Osteogenic differentiation of encapsulated rat mesenchymal stem cells inside a rotating microgravity bioreactor: in vitro and in vivo evaluation

Cytotechnology. 2018 Oct;70(5):1375-1388. doi: 10.1007/s10616-018-0230-8. Epub 2018 Jun 25.


The objective of this study is to evaluate the in vitro and in vivo osteogenic potential of rat bone marrow mesenchymal stem cells (BM-MSCs) using chitosan/hydroxyapatite (C/HAp) microbeads as encapsulation matrix under osteoinductive medium and dynamic culture conditions. The degradation characteristics of C/HAp microbeads were evaluated under in vitro and in vivo conditions for 180 days. BM-MSCs were encapsulated in C/HAp microbeads with > 85% viability, and were cultured in a slow turning lateral vessel-type rotating bioreactor simulating microgravity conditions for 28 days, under the effect of osteogenic inducers. MTT assay showed that the metabolic activity of encapsulated cells was preserved > 80% after a week.

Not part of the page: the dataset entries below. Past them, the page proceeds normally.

Lemma polar_of_Im_pos (x : C) :
  0 < snd x -> exists r t, 0 < r /\ 0 < t < PI /\ x = polar r t.
Proof.
  intros Hy. destruct x as [a b]; simpl in Hy.
  set (r := Cmod (a, b)).
  assert (Hr : 0 < r) by (apply Cmod_gt_0; intros [=]; lra).
  assert (Hr2 : r ^ 2 = a ^ 2 + b ^ 2) by (unfold r; rewrite Cmod2_alt; reflexivity).
  set (c := a / r).
  assert (Hc : -1 <= c <= 1).
  { unfold c. split; [apply Rle_div_r|apply Rle_div_l]; nra. }
  assert (Hsin : sin (acos c) = b / r).
  { rewrite sin_acos by exact Hc.
    replace (1 - c²) with ((b / r) ^ 2).
    2: { unfold c, Rsqr. transitivity ((r ^ 2 - a ^ 2) / r ^ 2).
         - replace (r ^ 2 - a ^ 2) with (b ^ 2) by lra. field. lra.
         - field. lra. }
    apply sqrt_pow2. apply Rlt_le, Rdiv_lt_0_compat; assumption. }
  assert (Hb : 0 < sin (acos c)) by (rewrite Hsin; apply Rdiv_lt_0_compat; assumption).
  exists r, (acos c). split; [exact Hr|]. split.
  - destruct (acos_bound c) as [H0 HPI]. split.
    + destruct H0 as [H0|H0]; [exact H0|]. rewrite <- H0, sin_0 in Hb. lra.
    + destruct HPI as [HPI|HPI]; [exact HPI|]. rewrite HPI, sin_PI in Hb. lra.
  - unfold polar. rewrite cos_acos by exact Hc. rewrite Hsin. unfold c. f_equal; field; lra.
Qed.

(* For 0 <= t <= pi, [r * sin_clamp t] is the distance from [polar r t] to the ray [0, +oo). *)
Definition sin_clamp (u : R) : R := sin (Rmin u (PI / 2)).

Lemma sin_clamp_bounds (u : R) : 0 <= u -> 0 <= sin_clamp u <= 1.
Proof.
  intros Hu. pose proof PI_RGT_0. unfold sin_clamp. split; [|apply SIN_bound].
  apply sin_ge_0; unfold Rmin; destruct (Rle_dec u (PI / 2)); lra.
Qed.

Lemma sin_clamp_midpoint (u w : R) : 0 <= u -> 0 <= w ->
  sin_clamp u + sin_clamp w <= 2 * sin_clamp ((u + w) / 2).
Proof.
  intros Hu Hw. pose proof PI_RGT_0. unfold sin_clamp.
  set (u' := Rmin u (PI / 2)). set (w' := Rmin w (PI / 2)). set (m := Rmin ((u + w) / 2) (PI / 2)).
  assert (Hu' : 0 <= u' <= PI / 2) by (unfold u', Rmin; destruct (Rle_dec u (PI / 2)); lra).
  assert (Hw' : 0 <= w' <= PI / 2) by (unfold w', Rmin; destruct (Rle_dec w (PI / 2)); lra).
  assert (Hm : (u' + w') / 2 <= m <= PI / 2)
    by (unfold m, u', w', Rmin; repeat destruct (Rle_dec _ _); lra).
  set (p := (u' + w') / 2). set (q := (u' - w') / 2).
  assert (Hsum : sin u' + sin w' = 2 * sin p * cos q).
  { replace u' with (p + q) by (unfold p, q; field).
    replace w' with (p - q) by (unfold p, q; field).
    rewrite sin_plus, sin_minus. ring. }
  assert (Hmid : 0 <= sin p <= sin m)
    by (unfold p; split; [apply sin_ge_0|apply sin_incr_1]; lra).
  pose proof (COS_bound q). rewrite Hsum. nra.
Qed.

Lemma quadratic_nonneg_unit_interval (a b c t : R) :
  0 <= a <= 1 -> 1 <= c -> 0 <= a + b + c -> 0 <= t <= 1 -> 0 <= a * t ^ 2 + b * t + c.
Proof.
  intros Ha Hc Habc Ht. destruct (Rle_lt_dec 0 b) as [Hb|Hb]; [nra|].
  destruct (Rle_lt_dec (b + 2 * a) 0) as [Hb2|Hb2].
  - assert (Hmono : 0 <= (1 - t) * (- (a * (t + 1) + b))) by (apply Rmult_le_pos; nra).
    nra.
  - assert (Hvertex : 4 * a * (a * t ^ 2 + b * t + c) = (2 * a * t + b) ^ 2 + (4 * a * c - b ^ 2))
      by ring.
    assert (Hdisc : b ^ 2 <= 4 * a * c) by nra.
    assert (Hsq : 0 <= (2 * a * t + b) ^ 2) by apply pow2_ge_0.
    apply (Rmult_le_reg_l (4 * a)); lra.
Qed.

Lemma affine_exit (a b : R) : b <= 0 ->
  exists l, 0 <= l <= 1 /\ (forall l', l <= l' <= 1 -> a + l' * (b - a) <= 0) /\
    (0 < a -> 0 < l /\ a + l * (b - a) = 0) /\ (a <= 0 -> l = 0).
Proof.
  intros Hb. destruct (Rlt_le_dec 0 a) as [Ha|Ha].
  - exists (a / (a - b)).
    assert (Hl : a / (a - b) * (a - b) = a) by (field; lra).
    split; [split|split; [|split; [split|]]].
    + apply Rlt_le, Rdiv_lt_0_compat; lra.
    + apply Rle_div_l; lra.
    + intros l' [Hl' _]. apply Rmult_le_compat_r with (r := a - b) in Hl'; lra.
    + apply Rdiv_lt_0_compat; lra.
    + field. lra.
    + lra.
  - exists 0. repeat split; try lra. intros l' Hl'. nra.
Qed.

In vitro experiments confirmed that the encapsulated BM-MSCs differentiated into osteoblastic cells, formed bone-like tissue under osteogenic microgravity bioreactor conditions. Preliminary in vivo study indicated C/HAp microbeads containing BM-MSCs were able to repair the surgically-created small bone defects in the rat femur. BM-MSCs-C/HAp composite microbeads may have potential for modular bone regeneration.

Keywords: Bone tissue engineering; Cell encapsulation; Composite microbeads; Mesenchymal stem cells; Microgravity bioreactor; Osteogenic differentiation.